There is one relatively simple way to demonstrate this.Rubashov said:
When integrating, all we are really doing is finding the area under a curve. What we need to determine is if the total area enclosed by the functions y = sin(x)/x, x = pi/4, x = pi/2 is greater than sqrt(2)/2.
This is simple enough and you do not need to resort to calculus to demonstrate this. Indeed, using calculus to demonstrate this is more rigorous or far more difficult for the very reason you mention: there is no anti-derivative and the only way to find an answer is numerical (and a pain without a computer at that!).
Consider for a moment the simpler function f(x) = sin(x). This has an easily computed anti-derivative. In the interval mentioned, the area is exactly sqrt(2)/2.
Dividing this area by any number greater than 1 will obviously result in a reduction. Given that the value in the denominator is linear and further given that we are going to produce an infinite number of rectangles (a riemann sum), you could demonstrate (and I'm not about to actually see if I can find a place to enter proper notation) that while there are certainly infinite values of x that will result in a larger rectagle over the same part of the x-axis, there are relatively more that will cause a reduction. (pi/4 ~ .79 if memory serves and pi/2 ~ 1.57). As such, it seems that one could simply demonstrate that you are reducing the area of sin(x) more often than you are increasing it - a fact born out if you actually graph sin(x)/x! At the moment, given that it is far to late (or early), I cannot decide if it would be easier to prove inductively or deductively, but I suspect this logic could be used in a proof of a sort.

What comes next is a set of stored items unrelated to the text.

(* Let $n\ge1$ and $0\le j\le n$. Then \[ \sum_{m=1}^\infty\frac{e_j(m)h_{n-j}(m)}{m^2}=\begin{cases}(n+1)\zeta(n+2), & j=0,\\ \displaystyle\sum_{p=j}^n\binom{p-1}{j-1}S^T_{n+2,p}+\binom{n+1}{j+1}\zeta(n+2), & j\ge1.\end{cases} \]
   Context: For a symmetric function $u$ and $m\ge1$, $u(m)$ denotes $u$ evaluated at $x_r=1/r$ for $r\le m$ and $x_r=0$ for $r>m$; $e_j$, $h_i$ are the elementary and complete symmetric functions. Equivalently $e_j(m)=P_j(H_m,\dots,H_m^{(j)})$ and $h_i(m)=Q_i(H_m,\dots,H_m^{(i)})$ with $H_m^{(r)}=\sum_{t=1}^m t^{-r}$. Multiple zeta values: $\zeta(a_1,\dots,a_k)=\sum_{n_1>\cdots>n_k\ge1}n_1^{-a_1}\cdots n_k^{-a_k}$ for positive integers with $a_1\ge2$; weight is $a_1+\dots+a_k$, depth is $k$. For $N\ge2$ and $1\le k<N$, $S^T_{N,k}$ denotes the sum of all multiple zeta values $\zeta(a_1,\dots,a_k)$ of weight $N$ and depth $k$ with $a_1\ge3$. *)

From Stdlib Require Import Reals List Arith ClassicalEpsilon.
Import ListNotations.
Open Scope R_scope.

Definition Rsum_list (l : list R) : R := fold_right Rplus 0 l.

(* e_j(m) = sum over m >= i_1 > i_2 > ... > i_j >= 1 of 1/(i_1 ... i_j),
   i.e. the elementary symmetric function e_j at x_r = 1/r (r <= m), 0 else. *)
Fixpoint e_sym (j m : nat) : R :=
  match j with
  | O => 1
  | S j' => Rsum_list (map (fun r => / INR r * e_sym j' (r - 1)) (seq 1 m))
  end.

(* h_i(m) = sum over m >= i_1 >= i_2 >= ... >= i_i >= 1 of 1/(i_1 ... i_i),
   the complete symmetric function h_i at x_r = 1/r (r <= m), 0 else. *)
Fixpoint h_sym (i m : nat) : R :=
  match i with
  | O => 1
  | S i' => Rsum_list (map (fun r => / INR r * h_sym i' r) (seq 1 m))
  end.

(* Truncated multiple zeta sum:
   sum over N >= n_1 > n_2 > ... > n_k >= 1 of prod n_t^{-a_t}. *)
Fixpoint mzv_partial (a : list nat) (N : nat) : R :=
  match a with
  | [] => 1
  | a1 :: rest =>
      Rsum_list (map (fun n1 => / (INR n1 ^ a1) * mzv_partial rest (n1 - 1)) (seq 1 N))
  end.

(* zeta(a_1,...,a_k) = lim_{N -> oo} of the truncated sums
   (the limit exists when a_1 >= 2; value is unspecified otherwise). *)
Definition mzv (a : list nat) : R :=
  epsilon (inhabits 0) (fun l => Un_cv (mzv_partial a) l).

Fixpoint compositions (k N : nat) : list (list nat) :=
  match k with
  | O => match N with O => [[]] | S _ => [] end
  | S k' => flat_map (fun a => map (cons a) (compositions k' (N - a))) (seq 1 N)
  end.

Definition S_T (N k : nat) : R :=
  Rsum_list (map mzv
    (filter (fun a => match a with a1 :: _ => Nat.leb 3 a1 | [] => false end)
            (compositions k N))).

(* Since e_j(m) = e_j(m-1) + e_{j-1}(m-1)/m, the series splits, with i = n - j, into
   sum_m e_j(m-1) h_i(m)/m^2 and sum_m e_{j-1}(m-1) h_i(m)/m^3.

   For the first one let A_j(m) = m! e_j(m) be the coefficient of t^j in (1+t)...(m+t) and
   G_i(l) the coefficient of s^i in prod_{r in l} 1/(r-s), so that G_i(1..m) = h_i(m)/m!.
   The term e_j(m-1) h_i(m)/m^2 is the sum over k >= 1 of A_j(m-1) G_i(k..k+m), which
   telescopes by partial fractions.  Summing the same nonnegative double series over m
   first, the column sums satisfy a Pascal-type recursion in (i, j) (the boundary terms
   vanish since e_j(m) h_i(m)/m -> 0) and equal binom(i+j+1, j+1)/k^(i+j+2); exchanging the
   order of summation gives binom(i+j+1, j+1) zeta(i+j+2).

   The second series equals sum_p binom(p-1, j-1) S^T_{n+2,p} already at every truncation
   N: expanding h_i(m)/m^3 according to the multiplicity of the largest index, it becomes a
   sum of truncated MZVs whose first argument is >= 3, because
   sum_q binom(q, J) (sum of truncated MZVs of depth q and weight I+J) = e_J(N) h_I(N).
   The bound obtained for J = 0 also shows that these MZVs converge. *)

From Stdlib Require Import Reals List Arith Lia Lra ZArith ClassicalEpsilon.
Import ListNotations.
Open Scope R_scope.

Lemma cv_const (c : R) : Un_cv (fun _ => c) c.
Proof. intros e He; exists 0%nat; intros; unfold Rdist; rewrite Rminus_diag, Rabs_R0; lra. Qed.

Lemma cv_ext (u v : nat -> R) l : (forall n, u n = v n) -> Un_cv u l -> Un_cv v l.
Proof. intros H Hu e He; destruct (Hu e He) as [N HN]; exists N; intros; rewrite <- H; auto. Qed.

Lemma cv_scal (u : nat -> R) l c : Un_cv u l -> Un_cv (fun n => c * u n) (c * l).
Proof. intros; apply CV_mult; auto; apply cv_const. Qed.

Lemma cv_shift (u : nat -> R) l : Un_cv u l -> Un_cv (fun n => u (S n)) l.
Proof. intros Hu e He; destruct (Hu e He) as [N HN]; exists N; intros; apply HN; lia. Qed.

Lemma cv_squeeze (u v w : nat -> R) l :
  (forall n, u n <= v n <= w n) -> Un_cv u l -> Un_cv w l -> Un_cv v l.
Proof.
  intros H Hu Hw e He. destruct (Hu e He) as [N1 H1]; destruct (Hw e He) as [N2 H2].
  exists (max N1 N2); intros n Hn. specialize (H1 n ltac:(lia)); specialize (H2 n ltac:(lia)).
  specialize (H n). unfold Rdist in *. apply Rabs_def2 in H1; apply Rabs_def2 in H2.
  apply Rabs_def1; lra.
Qed.

Lemma cv_squeeze0 (v w : nat -> R) : (forall n, 0 <= v n <= w n) -> Un_cv w 0 -> Un_cv v 0.
Proof. intros H Hw. apply (cv_squeeze (fun _ => 0) v w); auto. apply cv_const. Qed.

Lemma cv_le (u v : nat -> R) l1 l2 :
  (forall n, u n <= v n) -> Un_cv u l1 -> Un_cv v l2 -> l1 <= l2.
Proof.
  intros H Hu Hv. destruct (Rle_or_lt l1 l2) as [|Hlt]; auto.
  set (e := (l1 - l2) / 2). assert (He : e > 0) by (unfold e; lra).
  destruct (Hu e He) as [N1 H1]; destruct (Hv e He) as [N2 H2].
  specialize (H1 (max N1 N2) ltac:(lia)); specialize (H2 (max N1 N2) ltac:(lia)).
  specialize (H (max N1 N2)). unfold Rdist in *. apply Rabs_def2 in H1; apply Rabs_def2 in H2.
  unfold e in *; lra.
Qed.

-edit- inductive is probably best. You can demonstrate that (at arbitrary granularity) below a threshold value of x the upper limit of the curve increases. At a certain tipping point it decreases. Because of the linear nature of the denominator (the part that makes induction simple here) you could show that after the tipping point you have a reduction. The Inductive Hypothesis is therefore that the total reduction in the upper limit will be greater than the total increase. Since there is more length available on the reduction side, given the linear nature of the denominator, reducing the granularity of the function would not change this result.
Alternately you could simply resort to summing rectangles to demonstrate your inductive hypothesis and then use a smaller set. As of right now, it seems like either would produce a compelling proof but the latter is more likely rigorous.
-edit 2-
Really thinking about it, a Riemann sum is probably the simplest way in general. It is far more compelling and while my simpler argument makes sense geometrically at least I don't think the argument is sound enough.